630 milhões de euros: era esse o valor que custaria a famosa despesa da contabilização do tempo de serviço congelado dos professores, afirmavam vários membros do anterior (e atual) governo e reproduzia grande parte da nossa comunicação social. Um valor tão alto que, diziam, provocaria a “insustentabilidade das contas públicas”, abriria a mítica “Caixa de Pandora” e provocaria o “caos financeiro” no País.
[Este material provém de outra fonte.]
(* The theorem follows once two [(n-1)]-matchings [K3], [K4] cover one
   [M]-edge [{a, mu a}] and all residual edges: the other two matchings are
   [N] and [M] minus [{a, mu a}]. *)
Lemma cover_of_two_matchings (a : T) (K3 K4 : {set {set T}}) :
  k_matching adj (n - 1) K3 -> k_matching adj (n - 1) K4 ->
  [set a; mu a] \in K3 :|: K4 ->
  (forall y, y \in resid p -> [set p; y] \in K3 :|: K4) ->
  (forall y, y \in resid q -> [set q; y] \in K3 :|: K4) ->
  (forall x, x != p -> x != q -> rho x != p -> rho x != q -> [set x; rho x] \in K3 :|: K4) ->
  four_cover adj (n - 1).
Proof.
move=> h3 h4 ha hP hQ hZ.
have [h1 h2] := (nu_matching, mu_matching a).
set K1 := [set [set t; nu t] | t in _] in h1; set K2 := [set [set t; mu t] | t in _] in h2.
exists [:: K1; K2; K3; K4]; split=> //; split.
  by move=> F; rewrite !inE => /or4P[]/eqP->.
have inU e : e \in K3 :|: K4 -> e \in K1 :|: (K2 :|: (K3 :|: K4)).
  by move=> h; rewrite !inE in h *; rewrite h !orbT.
apply/eqP; rewrite eqEsubset !big_cons big_nil setU0; apply/andP; split.
  by rewrite !subUset h1.1.1 h2.1.1 h3.1.1 h4.1.1.
apply/subsetP => e /edgesP [x [y [axy ->]]].
have Medge t : [set t; mu t] \in K1 :|: (K2 :|: (K3 :|: K4)).
  have [->|nxa] := eqVneq t a; first exact: inU.
  have [ex|nxm] := eqVneq t (mu a); first by rewrite ex mu_inv set2C; apply: inU.
  by apply/setUP; right; apply/setUP; left; apply: imset_f; rewrite !inE nxm nxa.
case: (neighbour_cases axy) => [->|ey|yR]; first exact: Medge.
  have [ex|xp] := eqVneq x p; first by rewrite ey ex nu_p.
  have [ex|xq] := eqVneq x q; first by rewrite ey ex nu_q.
  by rewrite ey; apply/setUP; left; apply: imset_f; rewrite !inE xp xq.
have [ex|xp] := eqVneq x p; first by rewrite ex; apply/inU/hP; rewrite -ex.
have [ex|xq] := eqVneq x q; first by rewrite ex; apply/inU/hQ; rewrite -ex.
rewrite -(rho_of xp xq yR).
have [rp|rp] := eqVneq (rho x) p; first by rewrite rp set2C; apply/inU/hP/rho_eq_resid.
have [rq|rq] := eqVneq (rho x) q; first by rewrite rq set2C; apply/inU/hQ/rho_eq_resid.
exact/inU/hZ.
Qed.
Estranhamente (ou não) um autoproclamado ministério das “contas certas” insistia em não apresentar as contas que permitiriam chegar a esse valor, apesar das inúmeras solicitações de deputados, professores e jornalistas. 630 milhões foram sendo, assim, apresentados e repetidos até a exaustão, de forma a justificar a opção de contabilizar apenas 1/3 do referido tempo, enquanto que uma descomunal barreira de 20 mil milhões de euros para bancos era ultrapassada.
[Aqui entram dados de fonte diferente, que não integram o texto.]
Hypothesis compactK : compact K.

Lemma projP_bounded :
  exists2 M, 0 < M & forall y, K y -> forall v, `|P y v| <= M * `|v|.
Proof.
apply: compact_near_pinfty compactK _ => x Kx.
have [Mx Mx0 PxM] := mulmx_norm_bound (proj_mx (E x) (F x)).
exists (2 * Mx + 1); near=> y => Ky M ltM v.
have Pxy : `|P x v - P y v| <= 4^-1 * (`|P y v| + `|Q y v|).
  by move: Ky v; near: y; apply: projP_near.
have Pxv : `|P x v| <= Mx * `|v| := PxM v.
have := ler_normB (P x v) (P x v - P y v); rewrite opprB subrKC.
have := ler_normB v (P y v); have := ler_wpM2r (normr_ge0 v) (ltW ltM).
rewrite /projQ in Pxy; have := normr_ge0 v; lra.
Unshelve. all: by end_near. Qed.

Lemma proj_bounded : exists2 M, 0 < M &
  forall y v, K y -> `|P y v| <= M * `|v| /\ `|Q y v| <= M * `|v|.
Proof.
have [M M0 PM] := projP_bounded; exists (M + 1) => [|y v Ky]; first exact: addr_gt0.
have := PM y Ky v; have := ler_normB v (P y v); have := normr_ge0 v.
rewrite /projQ; split; lra.
Qed.

Lemma projP_continuous x eps : K x -> 0 < eps ->
  \forall y \near x, K y -> forall v, `|P x v - P y v| <= eps * `|v|.
Proof.
move=> Kx eps0; have [M M0 PQM] := proj_bounded.
have M20 : 0 < 2 * M by rewrite mulr_gt0.
near=> y => Ky v.
have Pxy : `|P x v - P y v| <= eps / (2 * M) * (`|P y v| + `|Q y v|).
  by move: Ky v; near: y; apply: projP_near; rewrite ?divr_gt0.
have pq : `|P y v| + `|Q y v| <= 2 * M * `|v| by have [PM QM] := PQM y v Ky; lra.
apply: le_trans Pxy (le_trans (ler_wpM2l _ pq) _); first by rewrite divr_ge0 ?ltW.
by rewrite mulrA divfK ?gt_eqF.
Unshelve. all: by end_near. Qed.

Lemma projP_bounded_below v : (forall y, K y -> P y v != 0) ->
  exists2 c, 0 < c & forall y, K y -> c <= `|P y v|.
Proof.
move=> Pv0.
have [|M M0 PM] :=
  compact_near_pinfty (P := fun y M => 1 <= M * `|P y v|) compactK.
  move=> x Kx; set a := `|P x v|.
  have a0 : 0 < a by rewrite normr_gt0 Pv0.
  have v0 : 0 < `|v|.
    by rewrite normr_gt0; apply: contraNneq (Pv0 x Kx) => ->; rewrite /projP mul0mx.
  exists (2 / a); near=> y => Ky M ltM.
  have Pxy : `|P x v - P y v| <= a / 2 / `|v| * `|v|.
    move: Ky; near: y; apply: filterS (projP_continuous Kx _) => [y yP Ky|].
      exact: yP.
    by rewrite !divr_gt0.
  rewrite divfK ?gt_eqF // in Pxy.
  have Pyv : a / 2 <= `|P y v|.
    by have := lerB_dist (P x v) (P y v); rewrite -/a; lra.
  have M0 : 0 < M by apply: lt_trans ltM; rewrite divr_gt0.
  have Ma : 2 < M * a by rewrite -ltr_pdivrMr.
  have := ler_wpM2l (ltW M0) Pyv; lra.
by exists M^-1 => [|y Ky]; rewrite ?invr_gt0 // -[M^-1]mulr1 ler_pdivrMl // PM.
Unshelve. all: by end_near. Qed.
Entretanto, a Unidade Técnica de Apoio Orçamental (UTAO) apresentava um relatório, no mínimo, perturbador: deixava claro que eram misturadas despesas com receitas nas mesmas contas, que não eram contemplados os óbvios efeitos nas receitas do Estado que os aumentos salariais produziriam e, registe-se, afirmava que a contabilização do tempo congelado de todas as carreiras (não apenas a dos professores) não colocaria em causa as metas de Bruxelas ou excedentes orçamentais. Enquanto isso, contas efetivamente feitas por um grupo de professores ao qual pertenço permitiam afirmar que a dita despesa não chegaria a 50 milhões de euros anuais, caso fosse aplicada uma solução como a encontrada na Região Autónoma da Madeira. O apregoado perigo de um “apocalipse financeiro”, que levou a que um primeiro-ministro ameaçasse com a demissão do seu Governo, produziu uma das mais tristes coreografias já assistidas na história da nossa democracia.